◆ Exercise details
Every line with "beta" in it should be copied from the data.

[Stored data entries]
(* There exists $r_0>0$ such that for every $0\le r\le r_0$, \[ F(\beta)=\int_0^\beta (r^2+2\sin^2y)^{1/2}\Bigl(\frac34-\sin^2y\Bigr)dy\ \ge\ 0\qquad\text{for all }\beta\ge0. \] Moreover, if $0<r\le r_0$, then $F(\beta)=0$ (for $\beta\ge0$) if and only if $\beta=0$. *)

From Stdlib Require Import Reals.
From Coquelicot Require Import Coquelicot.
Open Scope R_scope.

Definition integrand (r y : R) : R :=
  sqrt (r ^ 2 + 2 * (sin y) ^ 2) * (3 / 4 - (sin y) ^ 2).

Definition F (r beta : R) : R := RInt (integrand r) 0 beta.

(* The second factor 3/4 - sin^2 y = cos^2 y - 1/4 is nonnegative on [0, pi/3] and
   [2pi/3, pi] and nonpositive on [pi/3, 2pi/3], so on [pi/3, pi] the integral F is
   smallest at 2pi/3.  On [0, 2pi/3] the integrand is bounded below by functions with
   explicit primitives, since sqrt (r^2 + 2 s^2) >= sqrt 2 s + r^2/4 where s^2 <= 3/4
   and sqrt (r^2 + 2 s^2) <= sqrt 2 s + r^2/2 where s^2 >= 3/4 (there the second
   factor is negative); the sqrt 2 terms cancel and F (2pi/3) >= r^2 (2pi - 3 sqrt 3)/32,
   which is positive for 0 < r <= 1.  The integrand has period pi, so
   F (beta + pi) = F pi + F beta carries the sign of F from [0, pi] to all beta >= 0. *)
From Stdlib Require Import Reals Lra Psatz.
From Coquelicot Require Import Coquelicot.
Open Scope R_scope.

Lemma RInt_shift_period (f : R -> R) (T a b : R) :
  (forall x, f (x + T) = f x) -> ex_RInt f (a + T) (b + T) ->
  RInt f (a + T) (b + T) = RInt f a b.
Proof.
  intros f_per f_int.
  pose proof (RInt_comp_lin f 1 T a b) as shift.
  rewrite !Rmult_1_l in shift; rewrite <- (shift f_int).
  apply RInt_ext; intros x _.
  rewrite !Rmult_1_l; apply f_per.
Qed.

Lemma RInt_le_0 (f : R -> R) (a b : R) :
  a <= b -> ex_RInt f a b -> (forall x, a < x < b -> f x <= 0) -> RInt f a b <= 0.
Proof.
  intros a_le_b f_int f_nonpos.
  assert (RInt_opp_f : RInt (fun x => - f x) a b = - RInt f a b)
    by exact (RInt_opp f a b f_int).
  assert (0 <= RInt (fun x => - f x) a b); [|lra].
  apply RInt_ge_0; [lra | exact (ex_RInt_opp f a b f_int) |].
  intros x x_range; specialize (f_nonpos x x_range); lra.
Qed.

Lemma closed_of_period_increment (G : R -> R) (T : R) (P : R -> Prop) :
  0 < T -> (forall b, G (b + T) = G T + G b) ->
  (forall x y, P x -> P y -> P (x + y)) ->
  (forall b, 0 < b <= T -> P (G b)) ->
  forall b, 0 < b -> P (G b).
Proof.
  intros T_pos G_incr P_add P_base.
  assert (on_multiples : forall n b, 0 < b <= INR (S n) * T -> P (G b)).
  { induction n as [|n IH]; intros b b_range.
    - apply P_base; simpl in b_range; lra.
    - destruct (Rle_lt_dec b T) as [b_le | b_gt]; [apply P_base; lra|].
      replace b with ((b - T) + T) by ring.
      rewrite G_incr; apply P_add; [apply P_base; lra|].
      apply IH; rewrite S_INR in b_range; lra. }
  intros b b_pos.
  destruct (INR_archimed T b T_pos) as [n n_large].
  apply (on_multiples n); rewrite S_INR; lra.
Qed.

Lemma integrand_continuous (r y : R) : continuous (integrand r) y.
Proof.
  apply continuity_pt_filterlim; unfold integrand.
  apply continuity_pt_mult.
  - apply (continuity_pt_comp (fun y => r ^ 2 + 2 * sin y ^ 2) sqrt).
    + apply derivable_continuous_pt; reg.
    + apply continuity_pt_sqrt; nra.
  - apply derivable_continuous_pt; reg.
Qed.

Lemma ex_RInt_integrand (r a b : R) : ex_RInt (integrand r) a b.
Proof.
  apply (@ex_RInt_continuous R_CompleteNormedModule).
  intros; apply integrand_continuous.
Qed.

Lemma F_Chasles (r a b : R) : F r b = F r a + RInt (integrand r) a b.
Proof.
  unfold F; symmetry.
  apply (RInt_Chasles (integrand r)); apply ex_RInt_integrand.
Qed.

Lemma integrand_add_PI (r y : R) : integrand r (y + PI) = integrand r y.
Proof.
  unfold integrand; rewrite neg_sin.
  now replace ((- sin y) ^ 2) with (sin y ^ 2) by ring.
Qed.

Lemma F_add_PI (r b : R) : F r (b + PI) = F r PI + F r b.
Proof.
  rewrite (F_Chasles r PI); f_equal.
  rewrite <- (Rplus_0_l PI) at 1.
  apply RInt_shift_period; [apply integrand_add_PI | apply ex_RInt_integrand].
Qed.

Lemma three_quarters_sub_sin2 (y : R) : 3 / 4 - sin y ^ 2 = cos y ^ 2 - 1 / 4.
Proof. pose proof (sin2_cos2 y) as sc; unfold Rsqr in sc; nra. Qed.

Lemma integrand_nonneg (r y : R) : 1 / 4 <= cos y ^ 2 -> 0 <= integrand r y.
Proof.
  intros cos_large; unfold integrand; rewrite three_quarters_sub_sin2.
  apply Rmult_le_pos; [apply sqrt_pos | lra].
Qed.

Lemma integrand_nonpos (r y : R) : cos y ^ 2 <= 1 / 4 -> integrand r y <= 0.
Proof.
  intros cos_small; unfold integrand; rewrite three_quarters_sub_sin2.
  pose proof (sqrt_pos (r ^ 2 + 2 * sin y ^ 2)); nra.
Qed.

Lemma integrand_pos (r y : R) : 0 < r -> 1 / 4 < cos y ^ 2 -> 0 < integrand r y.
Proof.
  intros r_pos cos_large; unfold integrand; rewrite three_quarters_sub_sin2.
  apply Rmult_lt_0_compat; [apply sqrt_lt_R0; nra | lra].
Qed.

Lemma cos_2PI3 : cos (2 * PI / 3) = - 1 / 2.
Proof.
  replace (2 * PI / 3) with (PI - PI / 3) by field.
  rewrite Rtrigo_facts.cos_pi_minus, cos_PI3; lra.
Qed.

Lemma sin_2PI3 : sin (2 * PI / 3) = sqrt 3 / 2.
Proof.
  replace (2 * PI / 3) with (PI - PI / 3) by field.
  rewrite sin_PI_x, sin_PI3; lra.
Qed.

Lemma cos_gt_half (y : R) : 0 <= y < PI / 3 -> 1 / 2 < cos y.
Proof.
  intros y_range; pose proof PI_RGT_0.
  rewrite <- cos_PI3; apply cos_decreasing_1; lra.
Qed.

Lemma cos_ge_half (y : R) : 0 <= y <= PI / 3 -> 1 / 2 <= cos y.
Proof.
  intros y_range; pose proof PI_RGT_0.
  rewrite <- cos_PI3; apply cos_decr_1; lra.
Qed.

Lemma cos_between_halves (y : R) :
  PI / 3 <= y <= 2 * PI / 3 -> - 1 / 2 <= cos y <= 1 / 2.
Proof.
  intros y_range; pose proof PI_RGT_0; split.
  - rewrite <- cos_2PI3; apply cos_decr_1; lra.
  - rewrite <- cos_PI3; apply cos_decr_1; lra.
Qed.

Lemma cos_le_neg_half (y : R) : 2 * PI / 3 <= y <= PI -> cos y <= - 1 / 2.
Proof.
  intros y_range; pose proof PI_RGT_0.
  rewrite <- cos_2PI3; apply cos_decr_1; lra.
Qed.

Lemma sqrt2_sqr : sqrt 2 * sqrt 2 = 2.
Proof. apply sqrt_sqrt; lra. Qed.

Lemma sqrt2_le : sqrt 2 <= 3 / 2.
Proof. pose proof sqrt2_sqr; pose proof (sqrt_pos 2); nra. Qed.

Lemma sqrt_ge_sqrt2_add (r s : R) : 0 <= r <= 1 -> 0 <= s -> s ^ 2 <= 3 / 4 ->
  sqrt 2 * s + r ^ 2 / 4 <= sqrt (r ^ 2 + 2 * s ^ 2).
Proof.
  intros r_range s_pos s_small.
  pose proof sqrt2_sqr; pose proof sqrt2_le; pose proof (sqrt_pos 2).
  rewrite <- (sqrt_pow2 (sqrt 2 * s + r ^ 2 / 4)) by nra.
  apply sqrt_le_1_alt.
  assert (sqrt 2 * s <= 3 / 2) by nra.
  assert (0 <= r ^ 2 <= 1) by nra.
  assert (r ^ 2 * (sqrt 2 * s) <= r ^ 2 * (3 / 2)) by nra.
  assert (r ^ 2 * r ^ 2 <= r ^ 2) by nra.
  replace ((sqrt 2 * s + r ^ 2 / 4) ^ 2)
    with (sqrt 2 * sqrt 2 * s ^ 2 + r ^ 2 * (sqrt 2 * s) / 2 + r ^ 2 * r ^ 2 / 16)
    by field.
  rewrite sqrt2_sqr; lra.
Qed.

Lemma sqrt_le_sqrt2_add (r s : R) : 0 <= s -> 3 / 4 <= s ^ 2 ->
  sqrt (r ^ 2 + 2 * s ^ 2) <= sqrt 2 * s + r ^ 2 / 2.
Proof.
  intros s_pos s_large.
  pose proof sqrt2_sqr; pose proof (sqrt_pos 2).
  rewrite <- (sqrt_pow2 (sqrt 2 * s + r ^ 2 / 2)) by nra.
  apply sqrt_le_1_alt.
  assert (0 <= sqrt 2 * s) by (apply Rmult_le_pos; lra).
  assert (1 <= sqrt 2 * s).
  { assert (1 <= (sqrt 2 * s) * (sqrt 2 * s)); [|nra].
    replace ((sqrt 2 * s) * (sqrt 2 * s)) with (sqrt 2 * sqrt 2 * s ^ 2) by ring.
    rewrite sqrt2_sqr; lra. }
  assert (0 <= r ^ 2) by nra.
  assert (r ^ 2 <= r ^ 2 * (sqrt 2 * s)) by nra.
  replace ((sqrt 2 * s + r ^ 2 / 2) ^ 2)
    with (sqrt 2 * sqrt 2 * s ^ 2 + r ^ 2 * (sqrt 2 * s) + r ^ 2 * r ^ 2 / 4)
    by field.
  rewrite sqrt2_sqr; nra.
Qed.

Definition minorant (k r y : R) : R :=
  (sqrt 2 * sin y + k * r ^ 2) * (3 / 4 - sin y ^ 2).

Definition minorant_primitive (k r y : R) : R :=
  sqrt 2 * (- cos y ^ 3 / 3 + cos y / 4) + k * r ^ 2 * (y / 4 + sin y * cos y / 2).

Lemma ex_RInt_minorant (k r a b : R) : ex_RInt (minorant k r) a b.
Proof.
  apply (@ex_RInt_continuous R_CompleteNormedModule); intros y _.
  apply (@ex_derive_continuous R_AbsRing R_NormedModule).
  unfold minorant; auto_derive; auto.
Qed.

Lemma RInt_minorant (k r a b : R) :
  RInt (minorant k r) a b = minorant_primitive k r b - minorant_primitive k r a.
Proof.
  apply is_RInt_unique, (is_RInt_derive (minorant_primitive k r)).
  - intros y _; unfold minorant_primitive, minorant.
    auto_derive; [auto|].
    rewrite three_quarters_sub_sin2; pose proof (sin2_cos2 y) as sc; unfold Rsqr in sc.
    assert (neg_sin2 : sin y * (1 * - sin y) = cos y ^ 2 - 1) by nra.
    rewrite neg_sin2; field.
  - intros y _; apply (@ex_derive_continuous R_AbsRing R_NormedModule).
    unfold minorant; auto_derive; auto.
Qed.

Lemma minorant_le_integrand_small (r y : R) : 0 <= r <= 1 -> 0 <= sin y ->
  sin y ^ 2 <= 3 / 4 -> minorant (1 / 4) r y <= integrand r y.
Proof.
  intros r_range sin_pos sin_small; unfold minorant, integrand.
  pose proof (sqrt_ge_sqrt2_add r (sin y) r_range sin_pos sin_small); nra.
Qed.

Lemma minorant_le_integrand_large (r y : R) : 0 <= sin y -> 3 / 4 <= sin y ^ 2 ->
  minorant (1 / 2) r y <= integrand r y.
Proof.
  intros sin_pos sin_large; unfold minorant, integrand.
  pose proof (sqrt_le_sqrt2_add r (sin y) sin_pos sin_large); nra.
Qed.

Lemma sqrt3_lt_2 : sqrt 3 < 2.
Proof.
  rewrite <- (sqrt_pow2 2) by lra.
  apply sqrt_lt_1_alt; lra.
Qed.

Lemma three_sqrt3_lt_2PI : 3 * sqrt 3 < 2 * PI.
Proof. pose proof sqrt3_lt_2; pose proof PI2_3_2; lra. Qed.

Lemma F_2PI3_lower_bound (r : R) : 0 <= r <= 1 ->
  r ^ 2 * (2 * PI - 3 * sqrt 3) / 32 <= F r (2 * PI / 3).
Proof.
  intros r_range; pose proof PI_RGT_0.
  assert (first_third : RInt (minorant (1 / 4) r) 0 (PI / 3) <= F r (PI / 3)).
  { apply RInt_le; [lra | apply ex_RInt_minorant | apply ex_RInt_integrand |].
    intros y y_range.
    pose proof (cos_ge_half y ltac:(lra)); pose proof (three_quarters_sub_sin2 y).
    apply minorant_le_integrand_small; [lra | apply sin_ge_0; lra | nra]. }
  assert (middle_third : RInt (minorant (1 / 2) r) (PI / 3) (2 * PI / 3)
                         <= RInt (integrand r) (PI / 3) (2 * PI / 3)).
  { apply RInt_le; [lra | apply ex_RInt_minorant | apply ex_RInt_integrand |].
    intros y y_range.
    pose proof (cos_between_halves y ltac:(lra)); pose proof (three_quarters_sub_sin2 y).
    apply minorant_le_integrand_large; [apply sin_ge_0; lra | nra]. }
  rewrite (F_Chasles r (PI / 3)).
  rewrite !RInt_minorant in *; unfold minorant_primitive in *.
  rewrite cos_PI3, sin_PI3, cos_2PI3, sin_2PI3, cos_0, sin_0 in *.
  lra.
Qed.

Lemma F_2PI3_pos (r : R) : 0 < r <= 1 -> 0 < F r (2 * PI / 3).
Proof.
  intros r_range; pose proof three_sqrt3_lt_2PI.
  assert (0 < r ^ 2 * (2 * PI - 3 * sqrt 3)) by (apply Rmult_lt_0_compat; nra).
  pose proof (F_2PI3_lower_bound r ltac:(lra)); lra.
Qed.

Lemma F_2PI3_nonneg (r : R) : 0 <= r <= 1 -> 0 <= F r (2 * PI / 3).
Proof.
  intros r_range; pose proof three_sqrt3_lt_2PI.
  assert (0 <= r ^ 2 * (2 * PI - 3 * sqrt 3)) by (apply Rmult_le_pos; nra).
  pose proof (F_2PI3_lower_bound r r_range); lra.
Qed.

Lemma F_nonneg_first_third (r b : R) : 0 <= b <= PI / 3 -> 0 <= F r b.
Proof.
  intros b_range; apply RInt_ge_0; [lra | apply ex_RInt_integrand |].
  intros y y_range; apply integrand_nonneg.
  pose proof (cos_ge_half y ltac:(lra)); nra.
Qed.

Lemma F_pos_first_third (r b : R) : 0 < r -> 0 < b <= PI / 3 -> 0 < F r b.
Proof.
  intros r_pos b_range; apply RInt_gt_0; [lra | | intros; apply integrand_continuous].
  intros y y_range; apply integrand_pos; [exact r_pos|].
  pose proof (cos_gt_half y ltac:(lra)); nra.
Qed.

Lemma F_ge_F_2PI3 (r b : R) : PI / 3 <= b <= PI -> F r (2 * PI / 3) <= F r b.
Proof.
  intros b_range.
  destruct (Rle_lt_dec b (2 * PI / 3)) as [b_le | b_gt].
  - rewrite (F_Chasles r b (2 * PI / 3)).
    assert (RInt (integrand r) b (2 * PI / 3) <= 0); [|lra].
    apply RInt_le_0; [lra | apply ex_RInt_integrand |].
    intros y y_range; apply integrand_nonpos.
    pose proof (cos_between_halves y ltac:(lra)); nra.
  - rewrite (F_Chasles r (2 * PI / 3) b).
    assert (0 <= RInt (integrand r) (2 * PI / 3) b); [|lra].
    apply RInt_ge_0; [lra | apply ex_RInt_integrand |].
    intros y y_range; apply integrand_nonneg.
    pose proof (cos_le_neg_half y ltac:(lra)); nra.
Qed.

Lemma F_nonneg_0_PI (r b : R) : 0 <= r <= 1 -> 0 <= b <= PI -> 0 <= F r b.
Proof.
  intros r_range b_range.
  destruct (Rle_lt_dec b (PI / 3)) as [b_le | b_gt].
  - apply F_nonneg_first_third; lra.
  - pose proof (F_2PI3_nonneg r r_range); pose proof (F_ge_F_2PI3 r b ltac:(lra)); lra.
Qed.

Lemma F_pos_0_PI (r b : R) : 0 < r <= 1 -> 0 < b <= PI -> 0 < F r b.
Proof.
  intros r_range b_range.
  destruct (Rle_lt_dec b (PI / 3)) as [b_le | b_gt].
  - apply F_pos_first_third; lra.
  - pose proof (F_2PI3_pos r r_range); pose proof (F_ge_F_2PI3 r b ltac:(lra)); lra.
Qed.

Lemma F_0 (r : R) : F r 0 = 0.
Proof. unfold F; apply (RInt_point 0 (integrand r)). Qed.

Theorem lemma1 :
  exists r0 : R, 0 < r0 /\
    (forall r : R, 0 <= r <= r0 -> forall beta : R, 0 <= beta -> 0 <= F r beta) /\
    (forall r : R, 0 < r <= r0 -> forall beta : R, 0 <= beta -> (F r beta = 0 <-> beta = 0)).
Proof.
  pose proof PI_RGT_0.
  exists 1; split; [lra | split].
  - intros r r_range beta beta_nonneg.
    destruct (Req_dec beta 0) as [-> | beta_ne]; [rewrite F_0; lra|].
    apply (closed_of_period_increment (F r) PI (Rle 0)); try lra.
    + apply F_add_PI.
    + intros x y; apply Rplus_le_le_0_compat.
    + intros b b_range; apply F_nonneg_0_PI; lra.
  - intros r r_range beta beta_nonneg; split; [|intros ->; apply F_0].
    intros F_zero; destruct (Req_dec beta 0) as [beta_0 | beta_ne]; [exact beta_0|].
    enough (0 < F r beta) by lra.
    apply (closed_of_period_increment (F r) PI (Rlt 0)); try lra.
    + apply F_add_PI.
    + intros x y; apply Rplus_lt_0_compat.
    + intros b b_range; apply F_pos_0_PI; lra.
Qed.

◆ Output of the exercise
(* There exists $r_0>0$ such that for every $0\le r\le r_0$, \[ F(\beta)=\int_0^\beta (r^2+2\sin^2y)^{1/2}\Bigl(\frac34-\sin^2y\Bigr)dy\ \ge\ 0\qquad\text{for all }\beta\ge0. \] Moreover, if $0<r\le r_0$, then $F(\beta)=0$ (for $\beta\ge0$) if and only if $\beta=0$. *)
Definition F (r beta : R) : R := RInt (integrand r) 0 beta.
   F (beta + pi) = F pi + F beta carries the sign of F from [0, pi] to all beta >= 0. *)
    (forall r : R, 0 <= r <= r0 -> forall beta : R, 0 <= beta -> 0 <= F r beta) /\
    (forall r : R, 0 < r <= r0 -> forall beta : R, 0 <= beta -> (F r beta = 0 <-> beta = 0)).
  - intros r r_range beta beta_nonneg.
    destruct (Req_dec beta 0) as [-> | beta_ne]; [rewrite F_0; lra|].
  - intros r r_range beta beta_nonneg; split; [|intros ->; apply F_0].
    intros F_zero; destruct (Req_dec beta 0) as [beta_0 | beta_ne]; [exact beta_0|].
    enough (0 < F r beta) by lra.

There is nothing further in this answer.